* Saved entries
Content starts
Lemma Wop_decomp m y : Wop eps c V mu (Hc eps c mu) y =
  2 / eps * ((V y - m) * Hc eps c mu y - Vexcess m y).
Proof. by rewrite /Wop (Vstar_decomp m); congr (_ * _); ring. Qed.

Section at_minimum.
Variable xm : T.
Hypothesis xm_min : argmin V xm.

Lemma Vexcess_ge0 y : 0 <= Vexcess (V xm) y.
Proof.
apply: fine_ge0; apply: integral_ge0 => x _.
by rewrite lee_fin mulr_ge0 ?subr_ge0 ?xm_min // ltW ?kc_gt0.
Qed.

Lemma Vexcess_eq0P y : Vexcess (V xm) y = 0 <-> mu [set x | V xm < V x] = 0%E.
Proof.
set U := [set x | V xm < V x].
have mU : measurable (U : set (borel T)).
  by apply: borel_open_measurable; exact: open_gt_continuous.
have cVm : continuous (fun x => V x - V xm).
  by move=> x; apply: continuousB; [exact: cont_V | exact: cst_continuous].
have cg := @continuous_section _ _ (fun x y => kc eps c x y * (V x - V xm))
  (continuous_kc_weighted cVm) y.
have ig := continuous_integrable cptT mu cg.
rewrite /Vexcess.
have -> : (\int[mu]_x (kc eps c x y * (V x - V xm))%:E =
           \int[mu]_(x in U) (kc eps c x y * (V x - V xm))%:E)%E.
  rewrite [RHS]integral_mkcond; apply: eq_integral => x _; rewrite /patch.
  case: ifPn => // /negP; rewrite in_setE /= => /negP; rewrite -leNgt => Vx.
  by rewrite (_ : V x = V xm) ?subrr ?mulr0 //; apply/eqP; rewrite eq_le Vx xm_min.
apply: iff_trans (integral_gt0_eq0P _ mU _ _); last 2 first.
- exact: measurable_funS (continuous_borel_measurable cg).
- by move=> x Ux; rewrite mulr_gt0 ?kc_gt0 // subr_gt0.
have Ifin := integrable_fin_num mU (integrableS measurableT mU (subsetT _) ig).
by split => [/eqP|->//]; rewrite fine_eq0 // => /eqP.
Qed.

End at_minimum.

End gibbs_kernel.

Section measure_support.
Context {R : realType} {T : pseudoPMetricType R}.
Variable mu : {measure set (borel T) -> \bar R}.

Lemma msupp_null_open (U : set T) :
  open U -> mu U = 0%E -> forall x, msupp mu x -> ~ U x.
Proof. by move=> oU U0 x /(_ U oU) suppU /suppU; rewrite U0 ltxx. Qed.

Lemma Binv_eq0P (b : T -> R) (A : set (borel T)) :
  measurable A -> measurable_fun [set: borel T] b -> (forall x, 0 < b x) ->
  Binv mu b A = 0%E <-> mu A = 0%E.
Proof.
by move=> mA mb b_gt0; apply: integral_gt0_eq0P => //; exact: measurable_funS mb.
Qed.

End measure_support.

Theorem mainTheorem16 (R : realType) (T : pseudoPMetricType R)
  (eps : R) (c : T -> T -> R) (V : T -> R)
  (hT : hausdorff_space T) (hcpt : compact [set: T])
  (heps : 0 < eps)
  (hc : continuous (fun p : T * T => c p.1 p.2))
  (hcsym : forall x y, c x y = c y x) (hcge0 : forall x y, 0 <= c x y)
  (hpd : pos_def_kernel (kc eps c)) (huniv : universal_kernel (kc eps c))
  (hV : continuous V)
  (mu : {finite_measure set (borel T) -> \bar R}) (b : T -> R)
  (hb : b = Hc eps c mu) (hnorm : Hc_sqnorm eps c mu = 1%E) :
  (exists p, Ptilde mu p /\ forall y, Wop eps c V mu b y + p y = 0)
  <-> Binv mu b (~` argmin V) = 0%E.
Proof.
subst b; have [xm xm_min] := compact_argmin hcpt hV.
have Hc_pos := Hc_gt0 hc hcpt hnorm.
have oU := open_gt_continuous (V xm) hV.
have mHc := continuous_borel_measurable (@continuous_Hc _ _ eps c hc hcpt mu).
have excess0P := Vexcess_eq0P eps hc hV hcpt mu xm_min.
have Wop_min := Wop_decomp eps hc hV hcpt mu (V xm).
rewrite (argminC xm_min).
apply: (iff_trans _ (iff_sym (Binv_eq0P mu (borel_open_measurable oU) mHc Hc_pos))).
split.
- move=> [p [[_ [p_le0 _]] Wp0]]; apply/(excess0P xm).
  have := Wp0 xm; rewrite Wop_min subrr mul0r sub0r mulrN => W.
  have : 2 / eps * Vexcess eps c V mu (V xm) xm <= 0 by have := p_le0 xm; lra.
  rewrite pmulr_rle0 ?divr_gt0 // => E_le0.
  by apply/eqP; rewrite eq_le E_le0 (Vexcess_ge0 eps c mu xm_min).
- move=> U0; have E0 y : Vexcess eps c V mu (V xm) y = 0 by apply/excess0P.
  exists (fun y => - Wop eps c V mu (Hc eps c mu) y); split => [|y]; last by rewrite subrr.
  split; [|split].
  + by move=> y; apply: continuousN; exact: continuous_Wop.
  + move=> y; rewrite oppr_le0 Wop_min E0 subr0.
    by rewrite mulr_ge0 ?divr_ge0 ?mulr_ge0 ?subr_ge0 ?xm_min // ltW ?Hc_pos.
  + move=> y /(msupp_null_open oU U0) /negP; rewrite -leNgt => Vy.
    have Vy_min : V y = V xm by apply/eqP; rewrite eq_le Vy xm_min.
    by rewrite Wop_min E0 Vy_min subrr mul0r subr0 mulr0 oppr0.
Qed.
(* Let $F$ be a finitely generated group whose commutator subgroup has infinite index in $F$, and let $G$ be an arbitrary group. Then the number of surjective homomorphisms $F\to G$ is divisible by the order $|G'|$ of the commutator subgroup of $G$.
   Context: Groups need not be finite; divisibility is understood in the sense of cardinal arithmetic: an infinite cardinal is divisible by every nonzero cardinal not exceeding it. *)

(* possibly infinite groups are [groupType]s from
   mathcomp/boot/monoid.v (carrier with a group law; the carrier is a
   choiceType, which is harmless classically). *)
From mathcomp Require Import all_boot.
From mathcomp Require Import monoid.

Set Implicit Arguments.
Unset Strict Implicit.
Unset Printing Implicit Defensive.

Definition is_subgroup (G : groupType) (H : G -> Prop) : Prop :=
  [/\ H one,
      forall x y, H x -> H y -> H (mul x y)
    & forall x, H x -> H (inv x)].

Definition generated (G : groupType) (S : G -> Prop) : G -> Prop :=
  fun x => forall H : G -> Prop, is_subgroup H -> (forall s, S s -> H s) -> H x.

Definition derived (G : groupType) : G -> Prop :=
  generated (fun z : G => exists x y, z = commg x y).

Definition finitely_generated (G : groupType) : Prop :=
  exists s : seq G, forall x : G, generated (fun y => y \in s) x.

Definition finite_index (G : groupType) (H : G -> Prop) : Prop :=
  exists reps : seq G, forall x : G, exists2 r, r \in reps & H (mul (inv r) x).

Definition SurjHom (F G : groupType) : Type :=
  {f : F -> G | monoid_morphism f /\ (forall y : G, exists x : F, f x = y)}.

Definition DerivedSet (G : groupType) : Type := {x : G | derived x}.

(* Cardinal divisibility: |A| divides |B| iff |B| = |A| * |C| for some
   cardinal |C|, i.e. B is in bijection with A * C for some set C. *)
Definition card_divides (A B : Type) : Prop :=
  exists (C : Type) (f : A * C -> B), bijective f.

(** Because F is finitely generated and F' has infinite index, the abelian
    group F/F' is infinite, so F has a homomorphism psi onto Z; pick t with
    psi t = 1 and let K = ker psi, so that a homomorphism on F is determined
    by its restriction to K and its value at t.  For a surjection f : F -> G
    the subgroup N = f(K) is normal and contains G', because G/N is cyclic.
    Call f' equivalent to f when f' agrees with f^n on K for some n in N and
    f'(t) lies in N f(t).  The equivalence class of f consists of the maps
    (f twisted by z)^r, where the twist by z in Z(N) agrees with f on K and
    sends t to f(t) z, and r in N; here r is determined modulo Z(N) and then
    z is determined.  Choosing coset representatives of Z(N) in N, the class
    is in bijection with N, hence with G' x N/G', and choosing one surjection
    in each class exhibits SurjHom(F, G) as G' x C for some set C. *)

From mathcomp Require Import all_boot.
From mathcomp Require Import monoid.
From Stdlib Require Import ZArith Lia Setoid Morphisms Wf_nat.
From Stdlib Require Import ClassicalEpsilon FunctionalExtensionality.
From Stdlib Require Import PropExtensionality ProofIrrelevance Classical.

Set Implicit Arguments.
Unset Strict Implicit.
Unset Printing Implicit Defensive.

Local Open Scope group_scope.

Section IntegerPowers.
Variable G : groupType.
Implicit Types x : G.

Definition zpow x (n : Z) : G :=
  if (0 <=? n)%Z then x ^+ Z.to_nat n else x^-1 ^+ Z.to_nat (- n).

Lemma zpow0 x : zpow x 0 = 1.
Proof. by []. Qed.

Lemma zpow_nat x (k : nat) : zpow x (Z.of_nat k) = x ^+ k.
Proof.
rewrite /zpow; have -> : (0 <=? Z.of_nat k)%Z = true by apply/Z.leb_le; lia.
by rewrite Nat2Z.id.
Qed.

Lemma zpowS x n : zpow x (Z.succ n) = zpow x n * x.
Proof.
rewrite /zpow; case: (Z.leb_spec 0 n) => n_ge0.
  have -> : (0 <=? Z.succ n)%Z = true by apply/Z.leb_le; lia.
  have -> : Z.to_nat (Z.succ n) = (Z.to_nat n).+1 by lia.
  by rewrite expgSr.
case: (Z.leb_spec 0 (Z.succ n)) => Sn_ge0.
  have -> : n = (-1)%Z by lia.
  by rewrite /= expg1 mulVg.
have -> : Z.to_nat (- n) = (Z.to_nat (- Z.succ n)).+1 by lia.
by rewrite expgSr mulgVK.
Qed.

Lemma zpow_pred x n : zpow x (Z.pred n) = zpow x n * x^-1.
Proof. by rewrite -{2}(Z.succ_pred n) zpowS mulgK. Qed.

Lemma zpow1 x : zpow x 1 = x.
Proof. by rewrite -[1%Z]/(Z.succ 0) zpowS mul1g. Qed.

Lemma zpowD x m n : zpow x (m + n) = zpow x m * zpow x n.
Proof.
induction n using Z.peano_ind.
- by rewrite Z.add_0_r zpow0 mulg1.
- by rewrite Z.add_succ_r !zpowS IHn mulgA.
- by rewrite Z.add_pred_r !zpow_pred IHn mulgA.
Qed.

Lemma zpowN x n : zpow x (- n) = (zpow x n)^-1.
Proof. by apply: (mulIg (zpow x n)); rewrite -zpowD mulVg Z.add_opp_diag_l. Qed.

Lemma zpowM x m n : zpow x (m * n) = zpow (zpow x m) n.
Proof.
induction n using Z.peano_ind.
- by rewrite Z.mul_0_r.
- by rewrite Z.mul_succ_r zpowD zpowS IHn.
- by rewrite Z.mul_pred_r -Z.add_opp_r zpowD zpowN zpow_pred IHn.
Qed.

Lemma zpowC x m n : commute (zpow x m) (zpow x n).
Proof. by rewrite /commute -!zpowD Z.add_comm. Qed.

End IntegerPowers.

Section MonoidMorphisms.
Variables (F G : groupType) (f : F -> G).
Hypothesis f_morph : monoid_morphism f.

Lemma mmorph1 : f 1 = 1. Proof. exact: f_morph.1. Qed.
Lemma mmorphM x y : f (x * y) = f x * f y. Proof. exact: f_morph.2. Qed.
Lemma mmorphV x : f x^-1 = (f x)^-1.
Proof. by apply: (mulIg (f x)); rewrite -mmorphM !mulVg mmorph1. Qed.
Lemma mmorphJ x y : f (x ^ y) = f x ^ f y.
Proof. by rewrite /conjg !mmorphM mmorphV. Qed.
Lemma mmorphR x y : f (commg x y) = commg (f x) (f y).
Proof. by rewrite /commg mmorphM mmorphV mmorphJ. Qed.
Lemma mmorphZ x n : f (zpow x n) = zpow (f x) n.
Proof.
induction n using Z.peano_ind.
- by rewrite !zpow0 mmorph1.
- by rewrite !zpowS mmorphM IHn.
- by rewrite !zpow_pred mmorphM mmorphV IHn.
Qed.

End MonoidMorphisms.

Section Subgroups.
Variable G : groupType.
Implicit Types (H S : G -> Prop) (x y : G).

Lemma subgroup1 H : is_subgroup H -> H 1.
Proof. by case. Qed.

Lemma subgroupM H x y : is_subgroup H -> H x -> H y -> H (x * y).
Proof. by case=> _ + _; apply. Qed.

Lemma subgroupV H x : is_subgroup H -> H x -> H x^-1.
Proof. by case=> _ _; apply. Qed.

Lemma subgroupZ H x n :
  is_subgroup H -> H x -> H (zpow x n).
Proof.
move=> H_sub Hx; induction n using Z.peano_ind; first exact: subgroup1.
  by rewrite zpowS; apply: subgroupM.
by rewrite zpow_pred; apply: subgroupM => //; apply: subgroupV.
Qed.

Lemma generated_mono S S' x :
  (forall y, S y -> S' y) -> generated S x -> generated S' x.
Proof. by move=> sSS' Sx H H_sub sS'H; apply: Sx => // s /sSS'/sS'H. Qed.

Lemma generated_subgroup S : is_subgroup (generated S).
Proof.
split=> [H [] //|x y Sx Sy H H_sub sSH|x Sx H H_sub sSH].
  by apply: subgroupM; [|apply: Sx|apply: Sy].
by apply: subgroupV; [|apply: Sx].
Qed.

Lemma generated_min S H x :
  is_subgroup H -> (forall s, S s -> H s) -> generated S x -> H x.
Proof. by move=> H_sub sSH /(_ H H_sub sSH). Qed.

Lemma derived_subgroup : is_subgroup (@derived G).
Proof. exact: generated_subgroup. Qed.

Lemma derived_commg x y : derived (commg x y).
Proof. by move=> H _ sH; apply: sH; exists x, y. Qed.

End Subgroups.

Section IntegerValuedHomomorphisms.
Variable G : groupType.

Definition zhom (psi : G -> Z) := forall x y, psi (x * y) = (psi x + psi y)%Z.

Variable psi : G -> Z.
Hypothesis psiM : zhom psi.

Lemma zhom1 : psi 1 = 0%Z.
Proof. by have := psiM 1 1; rewrite mulg1; lia. Qed.

Lemma zhomV x : psi x^-1 = (- psi x)%Z.
Proof. by have := psiM x^-1 x; rewrite mulVg zhom1; lia. Qed.

Lemma zhomJ x y : psi (x ^ y) = psi x.
Proof. by rewrite /conjg !psiM zhomV; lia. Qed.

Lemma zhomZ x n : psi (zpow x n) = (n * psi x)%Z.
Proof.
induction n using Z.peano_ind.
- by rewrite zpow0 zhom1.
- by rewrite zpowS psiM IHn; lia.
- by rewrite zpow_pred psiM IHn zhomV; lia.
Qed.

End IntegerValuedHomomorphisms.

(** * A homomorphism onto Z *)

Lemma pigeonhole (T : eqType) (s : seq T) (c : nat -> T) :
  (forall i, c i \in s) -> exists i j, [/\ i < j, j <= size s & c i = c j].
Proof.
move=> cs; have /(uniqPn (c 0)) [i [j [lt_ij]]] : ~~ uniq (mkseq c (size s).+1).
  apply/negP => c_uniq; suff : (size s).+1 <= size s by rewrite ltnn.
  by rewrite -{1}(size_mkseq c (size s).+1) (uniq_leq_size c_uniq) // => _ /mapP [i _ ->].
rewrite size_mkseq ltnS => le_js; rewrite !nth_mkseq ?ltnS ?(ltnW (leq_trans lt_ij le_js)) //.
by exists i, j.
Qed.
Content ends
* Work required
Count how many lines above hold the word "Definition", then reply with that number alone.

* Answer for the task
10